*PROBLEM TO WORK ON:*
Which lines of the records below contain the word "hornerX"? Copy each of them out.

___ DATA FOR THIS TASK ___

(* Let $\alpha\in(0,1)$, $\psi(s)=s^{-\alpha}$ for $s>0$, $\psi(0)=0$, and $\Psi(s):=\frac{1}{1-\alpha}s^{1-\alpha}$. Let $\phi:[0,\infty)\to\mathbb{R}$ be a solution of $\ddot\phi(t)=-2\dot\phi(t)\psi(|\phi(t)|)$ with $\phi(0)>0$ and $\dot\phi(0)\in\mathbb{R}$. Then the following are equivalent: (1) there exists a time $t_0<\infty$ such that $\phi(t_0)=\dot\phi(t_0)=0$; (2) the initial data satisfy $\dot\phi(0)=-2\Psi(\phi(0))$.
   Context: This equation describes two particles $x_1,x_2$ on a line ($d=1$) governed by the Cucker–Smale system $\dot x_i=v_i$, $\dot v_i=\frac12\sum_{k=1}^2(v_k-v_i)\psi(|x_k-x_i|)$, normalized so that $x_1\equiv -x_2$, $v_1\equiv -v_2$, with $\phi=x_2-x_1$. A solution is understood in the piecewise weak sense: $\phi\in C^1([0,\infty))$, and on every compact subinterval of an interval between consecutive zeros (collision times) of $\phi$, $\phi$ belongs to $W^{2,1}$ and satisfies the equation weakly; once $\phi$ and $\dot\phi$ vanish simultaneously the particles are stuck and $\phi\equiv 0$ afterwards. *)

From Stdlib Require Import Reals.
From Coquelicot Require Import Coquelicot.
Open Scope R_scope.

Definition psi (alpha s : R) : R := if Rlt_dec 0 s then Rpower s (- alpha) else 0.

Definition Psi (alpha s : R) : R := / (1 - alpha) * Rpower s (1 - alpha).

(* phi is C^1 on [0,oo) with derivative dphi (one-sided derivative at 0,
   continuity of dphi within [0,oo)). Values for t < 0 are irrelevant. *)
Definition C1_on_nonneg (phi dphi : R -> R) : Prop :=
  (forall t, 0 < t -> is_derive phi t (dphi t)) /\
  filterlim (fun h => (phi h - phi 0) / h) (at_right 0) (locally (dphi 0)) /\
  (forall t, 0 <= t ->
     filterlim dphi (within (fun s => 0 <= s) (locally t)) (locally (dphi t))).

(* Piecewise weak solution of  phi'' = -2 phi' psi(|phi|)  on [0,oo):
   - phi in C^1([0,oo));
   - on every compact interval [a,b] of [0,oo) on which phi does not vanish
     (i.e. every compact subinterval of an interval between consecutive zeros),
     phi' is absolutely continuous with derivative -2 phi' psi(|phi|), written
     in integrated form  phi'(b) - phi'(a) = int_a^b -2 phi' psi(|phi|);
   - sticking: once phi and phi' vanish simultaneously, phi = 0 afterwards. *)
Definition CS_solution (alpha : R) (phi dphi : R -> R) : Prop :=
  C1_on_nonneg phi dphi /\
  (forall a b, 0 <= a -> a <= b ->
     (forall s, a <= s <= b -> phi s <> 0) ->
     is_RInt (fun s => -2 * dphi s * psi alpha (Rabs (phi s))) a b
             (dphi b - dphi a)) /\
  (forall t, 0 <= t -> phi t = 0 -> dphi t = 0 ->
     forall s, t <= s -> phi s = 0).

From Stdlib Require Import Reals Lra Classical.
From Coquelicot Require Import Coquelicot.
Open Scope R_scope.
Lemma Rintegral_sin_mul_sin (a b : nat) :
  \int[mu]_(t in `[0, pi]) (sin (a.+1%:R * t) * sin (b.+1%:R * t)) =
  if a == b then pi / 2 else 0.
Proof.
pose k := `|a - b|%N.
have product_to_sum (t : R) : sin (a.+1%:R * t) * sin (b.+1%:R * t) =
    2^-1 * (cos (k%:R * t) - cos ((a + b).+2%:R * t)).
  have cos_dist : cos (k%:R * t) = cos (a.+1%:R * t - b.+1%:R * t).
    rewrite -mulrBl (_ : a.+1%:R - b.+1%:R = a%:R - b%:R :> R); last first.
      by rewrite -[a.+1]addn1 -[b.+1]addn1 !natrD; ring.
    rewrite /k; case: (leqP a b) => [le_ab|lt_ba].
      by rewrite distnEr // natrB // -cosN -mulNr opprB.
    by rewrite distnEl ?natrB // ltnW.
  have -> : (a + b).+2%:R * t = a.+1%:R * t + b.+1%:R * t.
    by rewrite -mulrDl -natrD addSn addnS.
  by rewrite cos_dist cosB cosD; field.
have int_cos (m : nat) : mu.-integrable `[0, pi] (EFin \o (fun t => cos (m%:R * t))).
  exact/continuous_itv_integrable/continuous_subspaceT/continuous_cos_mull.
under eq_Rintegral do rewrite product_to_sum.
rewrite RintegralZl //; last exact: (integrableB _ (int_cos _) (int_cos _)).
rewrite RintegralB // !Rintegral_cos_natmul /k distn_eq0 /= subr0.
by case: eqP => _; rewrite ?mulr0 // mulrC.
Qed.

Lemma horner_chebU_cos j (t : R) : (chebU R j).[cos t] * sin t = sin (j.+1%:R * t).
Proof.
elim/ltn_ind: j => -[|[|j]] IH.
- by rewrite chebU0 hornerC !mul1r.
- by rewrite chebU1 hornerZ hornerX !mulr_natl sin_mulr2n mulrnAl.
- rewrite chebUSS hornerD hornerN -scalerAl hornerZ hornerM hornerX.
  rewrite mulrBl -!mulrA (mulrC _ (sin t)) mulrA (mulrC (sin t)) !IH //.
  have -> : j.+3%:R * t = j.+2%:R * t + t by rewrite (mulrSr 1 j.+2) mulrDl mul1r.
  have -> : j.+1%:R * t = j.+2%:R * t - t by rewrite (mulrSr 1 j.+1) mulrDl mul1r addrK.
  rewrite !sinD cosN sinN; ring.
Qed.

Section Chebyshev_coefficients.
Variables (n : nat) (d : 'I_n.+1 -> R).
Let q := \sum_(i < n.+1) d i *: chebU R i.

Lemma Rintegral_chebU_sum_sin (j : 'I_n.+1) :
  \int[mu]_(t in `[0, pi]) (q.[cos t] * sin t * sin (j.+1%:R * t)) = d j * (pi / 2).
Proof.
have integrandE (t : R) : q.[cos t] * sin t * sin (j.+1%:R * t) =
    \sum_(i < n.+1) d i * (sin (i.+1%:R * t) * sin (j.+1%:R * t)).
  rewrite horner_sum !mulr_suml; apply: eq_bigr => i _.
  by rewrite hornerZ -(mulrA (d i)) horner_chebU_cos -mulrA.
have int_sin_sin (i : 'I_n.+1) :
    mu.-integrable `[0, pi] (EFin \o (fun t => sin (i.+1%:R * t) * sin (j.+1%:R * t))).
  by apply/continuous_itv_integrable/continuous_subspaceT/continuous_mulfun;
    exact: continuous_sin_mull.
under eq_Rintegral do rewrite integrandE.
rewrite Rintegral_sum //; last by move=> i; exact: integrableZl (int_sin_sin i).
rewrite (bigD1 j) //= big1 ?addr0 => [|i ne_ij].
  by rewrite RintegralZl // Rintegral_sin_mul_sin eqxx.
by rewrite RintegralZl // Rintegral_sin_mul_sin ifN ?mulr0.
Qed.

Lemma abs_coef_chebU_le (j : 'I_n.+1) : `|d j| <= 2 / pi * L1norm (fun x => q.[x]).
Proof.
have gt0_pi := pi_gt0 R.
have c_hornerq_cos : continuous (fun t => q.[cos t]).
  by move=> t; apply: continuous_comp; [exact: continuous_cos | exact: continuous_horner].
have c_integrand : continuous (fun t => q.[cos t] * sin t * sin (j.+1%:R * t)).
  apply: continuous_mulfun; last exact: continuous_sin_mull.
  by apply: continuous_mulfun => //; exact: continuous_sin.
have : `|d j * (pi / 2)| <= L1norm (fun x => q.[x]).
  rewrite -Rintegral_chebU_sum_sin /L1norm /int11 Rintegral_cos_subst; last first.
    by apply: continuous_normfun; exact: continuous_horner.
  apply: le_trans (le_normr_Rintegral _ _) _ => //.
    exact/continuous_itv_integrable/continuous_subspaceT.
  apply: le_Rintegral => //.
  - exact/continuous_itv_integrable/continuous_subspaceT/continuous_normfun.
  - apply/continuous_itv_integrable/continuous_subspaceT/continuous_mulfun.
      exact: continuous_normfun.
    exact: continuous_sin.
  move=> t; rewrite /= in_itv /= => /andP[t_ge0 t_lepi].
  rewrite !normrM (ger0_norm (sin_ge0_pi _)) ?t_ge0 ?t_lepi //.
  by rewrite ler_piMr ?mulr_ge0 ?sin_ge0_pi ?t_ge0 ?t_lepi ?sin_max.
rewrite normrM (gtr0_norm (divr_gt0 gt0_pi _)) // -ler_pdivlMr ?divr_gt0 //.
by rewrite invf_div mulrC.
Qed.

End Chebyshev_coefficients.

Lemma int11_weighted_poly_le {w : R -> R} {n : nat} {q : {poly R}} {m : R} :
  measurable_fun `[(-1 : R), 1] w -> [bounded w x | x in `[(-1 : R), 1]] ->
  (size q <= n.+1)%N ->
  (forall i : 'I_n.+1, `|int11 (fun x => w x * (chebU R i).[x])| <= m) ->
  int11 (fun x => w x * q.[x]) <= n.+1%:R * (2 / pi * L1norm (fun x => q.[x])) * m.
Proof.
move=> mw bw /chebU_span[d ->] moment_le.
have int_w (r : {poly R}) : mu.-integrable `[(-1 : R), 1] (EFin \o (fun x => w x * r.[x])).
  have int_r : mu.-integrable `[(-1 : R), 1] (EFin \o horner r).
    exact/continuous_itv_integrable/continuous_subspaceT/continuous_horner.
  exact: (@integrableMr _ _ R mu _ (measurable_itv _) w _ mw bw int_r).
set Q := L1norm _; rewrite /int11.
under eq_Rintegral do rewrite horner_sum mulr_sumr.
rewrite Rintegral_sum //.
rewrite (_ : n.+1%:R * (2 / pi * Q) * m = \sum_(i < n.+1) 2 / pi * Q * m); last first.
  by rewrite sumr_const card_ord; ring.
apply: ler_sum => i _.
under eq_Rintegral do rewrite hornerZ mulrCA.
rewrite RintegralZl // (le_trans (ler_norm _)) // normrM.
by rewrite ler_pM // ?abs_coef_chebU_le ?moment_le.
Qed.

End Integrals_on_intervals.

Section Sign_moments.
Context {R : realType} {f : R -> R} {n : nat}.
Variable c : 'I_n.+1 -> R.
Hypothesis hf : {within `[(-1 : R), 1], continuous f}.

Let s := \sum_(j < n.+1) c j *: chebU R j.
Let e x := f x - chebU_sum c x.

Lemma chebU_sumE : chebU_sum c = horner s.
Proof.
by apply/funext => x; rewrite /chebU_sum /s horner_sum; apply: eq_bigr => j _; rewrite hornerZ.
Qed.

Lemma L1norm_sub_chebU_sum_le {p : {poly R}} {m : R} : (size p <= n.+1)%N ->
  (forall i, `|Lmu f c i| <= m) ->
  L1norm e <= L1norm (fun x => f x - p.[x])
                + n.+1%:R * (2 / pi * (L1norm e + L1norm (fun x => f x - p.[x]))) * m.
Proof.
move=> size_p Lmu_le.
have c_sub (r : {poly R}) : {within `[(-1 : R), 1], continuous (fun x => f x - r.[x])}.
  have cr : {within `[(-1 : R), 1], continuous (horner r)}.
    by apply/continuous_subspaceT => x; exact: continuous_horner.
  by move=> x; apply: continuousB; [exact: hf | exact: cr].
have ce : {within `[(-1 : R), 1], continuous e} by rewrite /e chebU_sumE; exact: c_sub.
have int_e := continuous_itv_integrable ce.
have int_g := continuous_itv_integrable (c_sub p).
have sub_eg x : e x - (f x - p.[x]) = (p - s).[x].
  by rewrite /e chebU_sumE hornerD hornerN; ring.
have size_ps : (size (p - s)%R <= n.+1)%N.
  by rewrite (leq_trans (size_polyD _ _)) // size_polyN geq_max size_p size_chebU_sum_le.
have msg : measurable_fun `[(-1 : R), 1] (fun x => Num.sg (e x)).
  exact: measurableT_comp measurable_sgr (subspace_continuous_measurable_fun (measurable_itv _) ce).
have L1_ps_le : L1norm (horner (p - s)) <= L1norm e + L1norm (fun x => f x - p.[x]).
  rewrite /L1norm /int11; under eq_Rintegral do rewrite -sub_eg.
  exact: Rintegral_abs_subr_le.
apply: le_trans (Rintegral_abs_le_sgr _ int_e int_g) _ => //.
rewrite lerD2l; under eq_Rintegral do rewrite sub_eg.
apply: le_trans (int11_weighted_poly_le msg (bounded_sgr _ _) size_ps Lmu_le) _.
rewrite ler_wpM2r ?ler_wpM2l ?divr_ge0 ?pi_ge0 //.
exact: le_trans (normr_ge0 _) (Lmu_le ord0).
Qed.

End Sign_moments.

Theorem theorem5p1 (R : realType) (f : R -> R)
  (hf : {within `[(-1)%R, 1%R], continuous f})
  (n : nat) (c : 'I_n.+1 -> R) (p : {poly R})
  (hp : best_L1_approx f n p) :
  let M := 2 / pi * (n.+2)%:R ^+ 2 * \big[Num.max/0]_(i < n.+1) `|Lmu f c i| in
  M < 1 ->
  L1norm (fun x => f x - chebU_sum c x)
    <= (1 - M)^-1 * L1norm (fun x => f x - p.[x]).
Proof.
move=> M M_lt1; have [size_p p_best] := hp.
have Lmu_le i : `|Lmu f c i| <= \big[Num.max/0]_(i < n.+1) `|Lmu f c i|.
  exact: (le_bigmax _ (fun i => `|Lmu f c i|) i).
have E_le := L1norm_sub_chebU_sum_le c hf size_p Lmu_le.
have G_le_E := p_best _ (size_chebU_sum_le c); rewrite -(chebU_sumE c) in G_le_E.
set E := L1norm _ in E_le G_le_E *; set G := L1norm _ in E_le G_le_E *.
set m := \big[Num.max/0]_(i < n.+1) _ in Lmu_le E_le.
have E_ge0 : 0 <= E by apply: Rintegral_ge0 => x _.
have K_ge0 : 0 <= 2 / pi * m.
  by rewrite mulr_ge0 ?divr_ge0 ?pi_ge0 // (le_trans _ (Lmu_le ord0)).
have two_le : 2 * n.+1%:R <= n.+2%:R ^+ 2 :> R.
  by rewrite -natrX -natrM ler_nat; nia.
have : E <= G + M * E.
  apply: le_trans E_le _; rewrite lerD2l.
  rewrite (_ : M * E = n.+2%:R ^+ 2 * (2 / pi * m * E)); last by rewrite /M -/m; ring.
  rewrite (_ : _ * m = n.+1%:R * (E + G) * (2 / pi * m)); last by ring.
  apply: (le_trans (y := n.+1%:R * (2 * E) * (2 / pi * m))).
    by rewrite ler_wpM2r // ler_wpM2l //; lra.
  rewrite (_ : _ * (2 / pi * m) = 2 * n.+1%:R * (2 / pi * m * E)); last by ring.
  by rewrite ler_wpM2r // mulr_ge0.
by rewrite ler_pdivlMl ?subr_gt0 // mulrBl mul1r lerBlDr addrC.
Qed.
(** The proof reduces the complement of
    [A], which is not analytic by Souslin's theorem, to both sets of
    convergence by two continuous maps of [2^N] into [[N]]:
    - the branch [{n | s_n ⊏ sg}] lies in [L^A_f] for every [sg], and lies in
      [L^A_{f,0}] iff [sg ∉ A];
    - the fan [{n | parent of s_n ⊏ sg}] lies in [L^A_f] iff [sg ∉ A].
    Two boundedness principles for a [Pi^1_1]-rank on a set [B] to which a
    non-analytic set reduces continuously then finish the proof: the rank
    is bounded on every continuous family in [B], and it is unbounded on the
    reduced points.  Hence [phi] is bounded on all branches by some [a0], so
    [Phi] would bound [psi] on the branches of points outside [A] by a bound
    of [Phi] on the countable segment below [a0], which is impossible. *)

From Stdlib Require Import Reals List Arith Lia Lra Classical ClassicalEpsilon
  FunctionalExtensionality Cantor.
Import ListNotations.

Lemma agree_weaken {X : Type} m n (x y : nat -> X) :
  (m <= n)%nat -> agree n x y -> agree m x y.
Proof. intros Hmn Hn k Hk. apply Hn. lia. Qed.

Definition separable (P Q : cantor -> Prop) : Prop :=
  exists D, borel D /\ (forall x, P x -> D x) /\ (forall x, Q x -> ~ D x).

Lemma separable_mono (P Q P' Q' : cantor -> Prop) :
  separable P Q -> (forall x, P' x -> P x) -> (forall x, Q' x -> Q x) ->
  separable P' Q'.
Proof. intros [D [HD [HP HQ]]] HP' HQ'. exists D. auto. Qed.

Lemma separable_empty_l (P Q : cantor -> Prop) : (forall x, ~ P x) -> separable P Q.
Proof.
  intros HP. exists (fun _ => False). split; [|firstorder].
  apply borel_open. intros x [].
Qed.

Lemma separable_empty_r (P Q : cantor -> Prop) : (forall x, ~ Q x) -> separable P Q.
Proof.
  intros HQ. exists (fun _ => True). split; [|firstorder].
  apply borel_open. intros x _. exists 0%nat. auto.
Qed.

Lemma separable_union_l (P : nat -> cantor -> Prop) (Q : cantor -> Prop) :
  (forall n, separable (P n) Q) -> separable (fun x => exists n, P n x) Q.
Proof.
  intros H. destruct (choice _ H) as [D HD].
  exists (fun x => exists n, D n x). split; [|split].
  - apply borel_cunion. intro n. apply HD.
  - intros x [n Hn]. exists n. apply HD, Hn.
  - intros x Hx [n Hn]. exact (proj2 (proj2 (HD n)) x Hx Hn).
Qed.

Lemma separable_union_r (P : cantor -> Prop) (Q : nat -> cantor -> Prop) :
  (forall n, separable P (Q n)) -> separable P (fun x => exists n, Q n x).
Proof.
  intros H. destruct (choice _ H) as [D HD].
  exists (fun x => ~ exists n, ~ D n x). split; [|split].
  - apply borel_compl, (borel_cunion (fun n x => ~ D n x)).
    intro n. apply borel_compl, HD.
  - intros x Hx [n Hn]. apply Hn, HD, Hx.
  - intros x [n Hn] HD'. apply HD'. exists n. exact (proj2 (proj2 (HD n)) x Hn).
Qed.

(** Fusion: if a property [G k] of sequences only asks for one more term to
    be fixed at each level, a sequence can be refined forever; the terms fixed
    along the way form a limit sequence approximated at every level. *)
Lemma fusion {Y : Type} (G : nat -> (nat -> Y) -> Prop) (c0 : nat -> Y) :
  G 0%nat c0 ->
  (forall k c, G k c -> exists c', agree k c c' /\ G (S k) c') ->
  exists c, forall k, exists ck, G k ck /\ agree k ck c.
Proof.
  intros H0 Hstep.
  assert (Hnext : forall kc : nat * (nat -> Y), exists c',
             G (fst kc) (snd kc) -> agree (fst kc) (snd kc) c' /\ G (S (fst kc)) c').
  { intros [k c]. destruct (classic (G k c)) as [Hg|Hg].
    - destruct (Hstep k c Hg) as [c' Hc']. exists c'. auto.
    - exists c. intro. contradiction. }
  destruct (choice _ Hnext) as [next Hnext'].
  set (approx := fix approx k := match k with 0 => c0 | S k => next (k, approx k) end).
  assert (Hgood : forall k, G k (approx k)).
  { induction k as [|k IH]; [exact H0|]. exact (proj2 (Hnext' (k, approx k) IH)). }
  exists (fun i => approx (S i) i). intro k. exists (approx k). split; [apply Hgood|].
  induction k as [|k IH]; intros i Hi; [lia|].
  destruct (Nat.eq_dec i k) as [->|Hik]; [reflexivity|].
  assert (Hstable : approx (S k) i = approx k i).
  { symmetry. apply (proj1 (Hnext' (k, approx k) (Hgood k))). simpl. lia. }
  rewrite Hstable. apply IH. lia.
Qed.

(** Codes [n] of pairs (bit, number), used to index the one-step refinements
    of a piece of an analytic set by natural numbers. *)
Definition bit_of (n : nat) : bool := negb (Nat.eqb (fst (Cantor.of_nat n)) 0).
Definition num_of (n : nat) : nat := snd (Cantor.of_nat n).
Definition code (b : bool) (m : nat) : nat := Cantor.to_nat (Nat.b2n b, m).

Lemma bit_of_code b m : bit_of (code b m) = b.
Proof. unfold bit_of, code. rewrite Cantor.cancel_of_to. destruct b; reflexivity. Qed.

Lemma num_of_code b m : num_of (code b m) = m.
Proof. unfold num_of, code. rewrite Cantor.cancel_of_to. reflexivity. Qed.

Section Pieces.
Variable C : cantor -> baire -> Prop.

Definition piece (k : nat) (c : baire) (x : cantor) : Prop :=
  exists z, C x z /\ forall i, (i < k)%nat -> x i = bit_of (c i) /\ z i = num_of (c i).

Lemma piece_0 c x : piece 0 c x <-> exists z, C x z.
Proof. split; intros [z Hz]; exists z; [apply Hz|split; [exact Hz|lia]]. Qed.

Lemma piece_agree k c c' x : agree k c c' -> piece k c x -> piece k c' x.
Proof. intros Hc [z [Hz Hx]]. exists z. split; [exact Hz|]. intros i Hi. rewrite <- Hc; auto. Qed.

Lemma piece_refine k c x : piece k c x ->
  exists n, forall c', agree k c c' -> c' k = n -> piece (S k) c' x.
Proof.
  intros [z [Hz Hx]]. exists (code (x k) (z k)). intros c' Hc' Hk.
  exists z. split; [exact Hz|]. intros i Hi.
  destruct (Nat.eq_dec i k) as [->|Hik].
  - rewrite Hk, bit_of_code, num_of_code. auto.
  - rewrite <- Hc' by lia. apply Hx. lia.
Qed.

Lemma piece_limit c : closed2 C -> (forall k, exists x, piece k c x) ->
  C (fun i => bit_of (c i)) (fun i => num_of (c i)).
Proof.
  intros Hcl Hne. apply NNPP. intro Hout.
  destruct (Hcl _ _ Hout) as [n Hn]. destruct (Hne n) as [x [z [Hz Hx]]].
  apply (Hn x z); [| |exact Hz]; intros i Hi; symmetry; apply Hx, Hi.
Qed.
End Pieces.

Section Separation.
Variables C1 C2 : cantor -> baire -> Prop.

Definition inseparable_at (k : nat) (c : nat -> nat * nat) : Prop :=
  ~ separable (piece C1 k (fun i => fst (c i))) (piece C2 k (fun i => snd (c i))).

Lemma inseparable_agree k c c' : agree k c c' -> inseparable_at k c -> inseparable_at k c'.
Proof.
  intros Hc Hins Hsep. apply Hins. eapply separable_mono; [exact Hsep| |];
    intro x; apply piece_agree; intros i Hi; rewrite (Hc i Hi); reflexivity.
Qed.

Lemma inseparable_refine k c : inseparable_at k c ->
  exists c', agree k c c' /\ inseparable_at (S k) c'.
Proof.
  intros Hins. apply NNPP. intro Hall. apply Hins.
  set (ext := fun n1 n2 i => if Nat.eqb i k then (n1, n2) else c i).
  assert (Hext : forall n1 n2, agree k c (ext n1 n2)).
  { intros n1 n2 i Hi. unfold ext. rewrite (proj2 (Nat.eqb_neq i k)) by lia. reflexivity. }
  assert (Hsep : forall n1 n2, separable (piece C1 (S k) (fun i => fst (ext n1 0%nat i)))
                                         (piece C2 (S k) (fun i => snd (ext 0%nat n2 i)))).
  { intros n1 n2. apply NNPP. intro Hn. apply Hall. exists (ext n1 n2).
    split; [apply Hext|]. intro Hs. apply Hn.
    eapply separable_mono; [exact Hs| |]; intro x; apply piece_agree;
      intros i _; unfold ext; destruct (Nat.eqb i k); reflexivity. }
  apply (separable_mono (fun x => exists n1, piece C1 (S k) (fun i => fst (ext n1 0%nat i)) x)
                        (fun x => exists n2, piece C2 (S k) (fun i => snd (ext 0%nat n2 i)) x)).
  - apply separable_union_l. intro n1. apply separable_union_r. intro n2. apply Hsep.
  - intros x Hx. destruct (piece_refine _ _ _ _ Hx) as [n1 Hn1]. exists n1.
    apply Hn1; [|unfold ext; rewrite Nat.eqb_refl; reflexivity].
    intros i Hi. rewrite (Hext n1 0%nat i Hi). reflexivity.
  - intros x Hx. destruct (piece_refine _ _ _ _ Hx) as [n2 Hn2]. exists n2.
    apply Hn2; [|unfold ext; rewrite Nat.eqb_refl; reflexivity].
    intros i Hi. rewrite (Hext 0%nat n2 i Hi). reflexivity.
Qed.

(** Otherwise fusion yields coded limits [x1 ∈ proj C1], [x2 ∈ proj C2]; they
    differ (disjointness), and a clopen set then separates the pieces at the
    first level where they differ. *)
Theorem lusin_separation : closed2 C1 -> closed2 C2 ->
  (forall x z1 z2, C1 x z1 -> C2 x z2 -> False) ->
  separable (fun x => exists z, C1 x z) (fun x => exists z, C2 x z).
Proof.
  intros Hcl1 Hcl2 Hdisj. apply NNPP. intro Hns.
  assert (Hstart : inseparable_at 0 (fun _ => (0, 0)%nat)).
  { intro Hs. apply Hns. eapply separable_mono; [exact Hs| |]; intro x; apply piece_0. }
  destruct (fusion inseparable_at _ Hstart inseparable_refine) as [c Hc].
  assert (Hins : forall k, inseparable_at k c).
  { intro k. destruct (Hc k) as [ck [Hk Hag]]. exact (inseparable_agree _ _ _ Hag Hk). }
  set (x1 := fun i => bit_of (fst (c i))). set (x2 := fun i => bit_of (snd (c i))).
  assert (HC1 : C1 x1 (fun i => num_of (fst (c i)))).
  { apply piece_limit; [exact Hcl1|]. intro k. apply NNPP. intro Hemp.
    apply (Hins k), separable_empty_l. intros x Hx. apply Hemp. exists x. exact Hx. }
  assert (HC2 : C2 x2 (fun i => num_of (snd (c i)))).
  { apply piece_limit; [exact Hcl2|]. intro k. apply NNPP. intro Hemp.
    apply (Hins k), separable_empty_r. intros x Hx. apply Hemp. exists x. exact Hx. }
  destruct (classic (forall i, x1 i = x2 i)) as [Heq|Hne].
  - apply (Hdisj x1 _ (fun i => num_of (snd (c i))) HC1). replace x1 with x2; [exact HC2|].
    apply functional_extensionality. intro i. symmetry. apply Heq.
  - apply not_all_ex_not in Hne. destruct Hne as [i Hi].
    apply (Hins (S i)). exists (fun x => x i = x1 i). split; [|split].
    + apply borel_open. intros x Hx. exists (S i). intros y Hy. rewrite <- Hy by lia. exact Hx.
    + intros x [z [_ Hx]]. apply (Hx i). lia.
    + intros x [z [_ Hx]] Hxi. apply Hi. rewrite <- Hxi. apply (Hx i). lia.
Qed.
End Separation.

___

*TASK RESPONSE:*
- by rewrite chebU1 hornerZ hornerX !mulr_natl sin_mulr2n mulrnAl.
- rewrite chebUSS hornerD hornerN -scalerAl hornerZ hornerM hornerX.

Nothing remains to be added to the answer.